また、理化学研究所や量子科学技術研究開発機構等において、それぞれのポテンシャルを活用し、健康・医療を支える基礎・基盤研究を実施します。

防災・減災分野の研究開発の推進
南海トラフ地震の想定震源域のうち、観測網が設置されていない海域(高知県沖~日向灘)に新たな海底地震・津波観測網の構築を進める予算として16億円を新規で計上しています。
また、防災ビッグデータの収集・整備・解析、官民一体となった総合防災力向上のための研究、地震、津波、火山、豪雨災害等に関する研究開発を推進することで、自然災害に対して強靭かつ安全・安心な社会の実現に貢献します。

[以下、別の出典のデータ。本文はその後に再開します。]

(* For $(w,x,y,z)$ define $$\tilde{\mathcal{J}}_1=\frac{(w^2+z^2)xy+\beta(wx+wz+yz)}{wxyz},$$ $$\tilde{\mathcal{J}}_2=\frac{w^2z^2+xz(w^2+x^2+y^2+xz)+wy(x^2+y^2+z^2+wy)+\beta(x^2+y^2+xz+wy)}{wxyz},$$ $$\tilde{\mathcal{J}}_3=\frac{(w+y)(x+z)(xz+yw+\beta)}{wxyz}.$$ Then for every $\beta\in\mathbb{Z}\setminus\{0,-1\}$ and every $(\lambda_1:\lambda_2:\lambda_3)\in\mathbb{P}^2$, the Diophantine equation $$\lambda_1\tilde{\mathcal{J}}_1+\lambda_2\tilde{\mathcal{J}}_2+\lambda_3\tilde{\mathcal{J}}_3=\lambda_1(3\beta+2)+\lambda_2(4\beta+9)+4\lambda_3(\beta+2)$$ has infinitely many integer solutions $(w,x,y,z)$. *)

From mathcomp Require Import all_boot all_order all_algebra all_field.
Set Implicit Arguments. Unset Strict Implicit. Unset Printing Implicit Defensive.
Import Order.TTheory GRing.Theory Num.Theory.
Local Open Scope ring_scope.

Definition Jt1 (beta w x y z : int) : algC :=
  (((w^2 + z^2) * x * y + beta * (w*x + w*z + y*z))%R%:~R) / ((w*x*y*z)%R%:~R).

Definition Jt2 (beta w x y z : int) : algC :=
  ((w^2 * z^2 + x*z*(w^2 + x^2 + y^2 + x*z) + w*y*(x^2 + y^2 + z^2 + w*y)
     + beta * (x^2 + y^2 + x*z + w*y))%R%:~R) / ((w*x*y*z)%R%:~R).

Definition Jt3 (beta w x y z : int) : algC :=
  (((w + y) * (x + z) * (x*z + y*w + beta))%R%:~R) / ((w*x*y*z)%R%:~R).

(* (w,x,y,z) is an integer solution of the equation (requires wxyz <> 0 so the
   J~_i are defined). *)
Definition is_solution (beta : int) (l1 l2 l3 : algC) (w x y z : int) : Prop :=
  w * x * y * z != 0 /\
  l1 * Jt1 beta w x y z + l2 * Jt2 beta w x y z + l3 * Jt3 beta w x y z
  = l1 * ((3 * beta + 2)%R%:~R) + l2 * ((4 * beta + 9)%R%:~R)
    + 4%:R * l3 * ((beta + 2)%R%:~R).

Definition infinitely_many (P : int -> int -> int -> int -> Prop) : Prop :=
  forall s : seq (int * int * int * int),
    exists w x y z, P w x y z /\ (w, x, y, z) \notin s.

From mathcomp Require Import all_boot all_order all_algebra all_field.
From mathcomp Require Import zify ring.
Import Order.TTheory GRing.Theory Num.Theory.
Local Open Scope ring_scope.

(* On arithmetic progressions (w, x, y, z) = (a, a + d, a + 2d, a + 3d), each
   numerator of J~_i minus its constant times wxyz is a multiple of
   [ap_conic b a d] = 3d^2 - 3bad - ba^2 + b, so every integer point of this
   conic solves the three equations J~_i = const simultaneously, whatever
   (l1 : l2 : l3) is.  The conic is symmetric under (a, d) -> (-a, -d) and is
   quadratic in a and in d, so the Vieta involutions a -> -a - 3d and
   d -> ba - d, followed by negation, give a map [ap_conic_step] preserving it.
   Starting from (1, b), the first coordinate grows in absolute value along the
   orbit (with alternating sign when b <= -2), and no term of the progression
   vanishes since the signs of a and d are controlled. *)

Definition ap_conic (b a d : int) : int := 3 * d ^+ 2 - 3 * b * a * d - b * a ^+ 2 + b.

Definition ap_prod (a d : int) : int := a * (a + d) * (a + 2 * d) * (a + 3 * d).

Lemma divr_intr_eq (F : numFieldType) (n c m : int) :
  n = c * m -> m != 0 -> (n%:~R / m%:~R : F) = c%:~R.
Proof.
by move=> -> m_neq0; rewrite intrM mulfK // intr_eq0.
Qed.

Section ArithmeticProgression.

Variables b a d : int.
Hypothesis conic0 : ap_conic b a d = 0.

Let w := a.
Let x := a + d.
Let y := a + 2 * d.
Let z := a + 3 * d.

Lemma eq_scaled_ap_prod (k c n : int) :
  n - c * ap_prod a d = k * ap_conic b a d -> n = c * ap_prod a d.
Proof. by rewrite conic0 mulr0 => /eqP; rewrite subr_eq0 => /eqP. Qed.

Lemma Jt1_ap : ap_prod a d != 0 -> Jt1 b w x y z = (3 * b + 2)%:~R.
Proof.
move=> nz; apply: divr_intr_eq nz.
apply: (eq_scaled_ap_prod (6 * d ^+ 2 + 9 * a * d + 3 * a ^+ 2)).
by rewrite /ap_prod /ap_conic /w /x /y /z; ring.
Qed.

Lemma Jt2_ap : ap_prod a d != 0 -> Jt2 b w x y z = (4 * b + 9)%:~R.
Proof.
move=> nz; apply: divr_intr_eq nz.
apply: (eq_scaled_ap_prod (8 * d ^+ 2 + 12 * a * d + 4 * a ^+ 2)).
by rewrite /ap_prod /ap_conic /w /x /y /z; ring.
Qed.

Lemma Jt3_ap : ap_prod a d != 0 -> Jt3 b w x y z = (4 * (b + 2))%:~R.
Proof.
move=> nz; apply: divr_intr_eq nz.
apply: (eq_scaled_ap_prod (8 * d ^+ 2 + 12 * a * d + 4 * a ^+ 2)).
by rewrite /ap_prod /ap_conic /w /x /y /z; ring.
Qed.

Lemma is_solution_ap (l1 l2 l3 : algC) :
  ap_prod a d != 0 -> is_solution b l1 l2 l3 w x y z.
Proof.
move=> nz; split; first exact: nz.
by rewrite Jt1_ap // Jt2_ap // Jt3_ap // intrM; ring.
Qed.

End ArithmeticProgression.

Definition ap_conic_step (b : int) (p : int * int) : int * int :=
  let a' := p.1 + 3 * p.2 in (a', b * a' + p.2).

Definition ap_conic_orbit (b : int) (n : nat) : int * int :=
  iter n (ap_conic_step b) (1, b).

Lemma ap_conic_step_invariant (b : int) (p : int * int) :
  ap_conic b (ap_conic_step b p).1 (ap_conic_step b p).2 = ap_conic b p.1 p.2.
Proof. by rewrite /ap_conic /=; ring. Qed.

Lemma ap_conic_orbit_root (b : int) (n : nat) :
  ap_conic b (ap_conic_orbit b n).1 (ap_conic_orbit b n).2 = 0.
Proof.
elim: n => [|n IH]; first by rewrite /ap_conic /=; ring.
by rewrite /ap_conic_orbit iterS ap_conic_step_invariant.
Qed.

Lemma ap_conic_orbit_pos (b : int) (n : nat) : 0 < b ->
  n%:Z < (ap_conic_orbit b n).1 /\ 0 < (ap_conic_orbit b n).2.
Proof.
move=> b_gt0; elim: n => [|n]; first by rewrite /=; lia.
by rewrite /ap_conic_orbit iterS; case: (iter _ _ _) => a d /= [? ?]; split; nia.
Qed.

Lemma ap_conic_orbit_neg (b : int) (n : nat) : b <= -2 ->
  let: (a, d) := ap_conic_orbit b n in
  (n%:Z < a /\ a < - d) \/ (a < - n%:Z /\ - a < d).
Proof.
move=> b_le; elim: n => [|n]; first by left; lia.
rewrite /ap_conic_orbit iterS; case: (iter _ _ _) => a d /= [[? ?]|[? ?]].
  by right; split; nia.
by left; split; nia.
Qed.

Lemma ap_conic_orbit_unbounded (b : int) (n : nat) : b != 0 -> b != -1 ->
  let: (a, d) := ap_conic_orbit b n in (n < `|a|)%N /\ ap_prod a d != 0.
Proof.
move=> b_neq0 b_neqN1; rewrite /ap_prod.
have [b_gt0 | b_le0] := ltrP 0 b.
  move: (ap_conic_orbit_pos b n b_gt0); case: ap_conic_orbit => a d /= [? ?].
  by split; [lia | rewrite !mulf_neq0 //; apply/eqP; lia].
have b_le : b <= -2 by lia.
move: (ap_conic_orbit_neg b n b_le); case: ap_conic_orbit => a d.
by case=> -[? ?]; (split; [lia | rewrite !mulf_neq0 //; apply/eqP; lia]).
Qed.

Lemma infinitely_many_of_unbounded (P : int -> int -> int -> int -> Prop) :
  (forall M : nat, exists w x y z, P w x y z /\ (M < `|w|)%N) ->
  infinitely_many P.
Proof.
move=> unbounded s; pose norm1 (t : int * int * int * int) := `|t.1.1.1|%N.
have [w [x [y [z [Pwxyz w_big]]]]] := unbounded (\max_(t <- s) norm1 t)%N.
exists w, x, y, z; split => //; apply/negP => wxyz_in_s.
have := @leq_bigmax_seq _ s xpredT norm1 _ wxyz_in_s isT.
by rewrite leqNgt w_big.
Qed.

Theorem corollary3p10 (beta : int) (l1 l2 l3 : algC) :
  beta != 0 -> beta != -1 ->
  (l1, l2, l3) != (0, 0, 0) ->
  infinitely_many (is_solution beta l1 l2 l3).
Proof.
move=> beta_neq0 beta_neqN1 _; apply: infinitely_many_of_unbounded => M.
have := ap_conic_orbit_root beta M.
have := ap_conic_orbit_unbounded beta M beta_neq0 beta_neqN1.
case: (ap_conic_orbit beta M) => a d /= [a_big nz] conic0.
exists a, (a + d), (a + 2 * d), (a + 3 * d); split => //.
exact: (is_solution_ap beta a d conic0 l1 l2 l3 nz).
Qed.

クリーンで経済的なエネルギーシステム実現に向けた研究開発の推進
エネルギー制約の克服・エネルギー転換・脱炭素化に挑戦し、温室効果ガスの大幅な排出削減と経済成長の両立や気候変動への適応等に貢献するため、窒化ガリウム半導体等による省エネルギー社会の実現、気候変動メカニズムの解明、環境・エネルギー問題の根本的解決が期待できる核融合エネルギーの実現に向けたITER(国際熱核融合実験炉)計画等の実施など、クリーンで経済的なエネルギーシステムの実現に向けた研究開発を推進します。

国家戦略上重要な技術の研究開発の推進
宇宙・航空分野の研究開発の推進
宇宙・航空分野の予算は、対前年度比15億円増の1,560億円を計上しています。
具体的には、2020年度の初号機打ち上げに向けて開発を進めているH3ロケットや次世代人工衛星等による防災を含む広義の安全保障(安全・安心)、産業振興等につながる技術開発の積極的な推進に加え、我が国が世界的にリードしている宇宙科学・宇宙探査等の科学技術の振興に貢献するフロンティアの開拓、更に、安全性・環境適合性・経済性といった重要なニーズに対応する次世代航空科学技術の研究開発等を推進します。

海洋・極域分野の研究開発の推進
海洋科学技術は、地球環境問題をはじめ、災害への対応を含めた安全・安心の確保や資源開発といった我が国が直面する課題と密接に関連しています。
このため、地球環境の状況把握と変動予測のための研究開発等を行う海洋研究開発機構の運営に必要な経費や北極関連の予算等を計上しており、関係省庁や研究機関、産業界と連携を図りながら、調査観測及び研究開発を推進します。

原子力分野の研究開発・安全確保対策等の推進
原子力が抱える問題に正面から向き合い、原子力の再生を図るため、高温ガス炉に係る国際協力を含めた原子力基盤技術開発や共用促進等の取組を着実に進めます。
また、東京電力(株)福島第一原子力発電所の安全な廃止措置等を着実に進めるため、国内外の英知を結集した先端的技術の研究開発及び人材育成に加え、原子力の安全研究、高速炉や加速器を用いた放射性廃棄物の減容化・有害度低減のための研究開発等を着実に進めるとともに、原子力施設の安全確保対策を行います。

最後に
文部科学省としては、「人生100年時代」や「Society 5.0」の到来を見据えながら、日本を誰にでもチャンスがあふれる国へと変えていくため、引き続き、教育再生、科学技術イノベーション、スポーツ・文化の振興に全力で取り組んでまいります。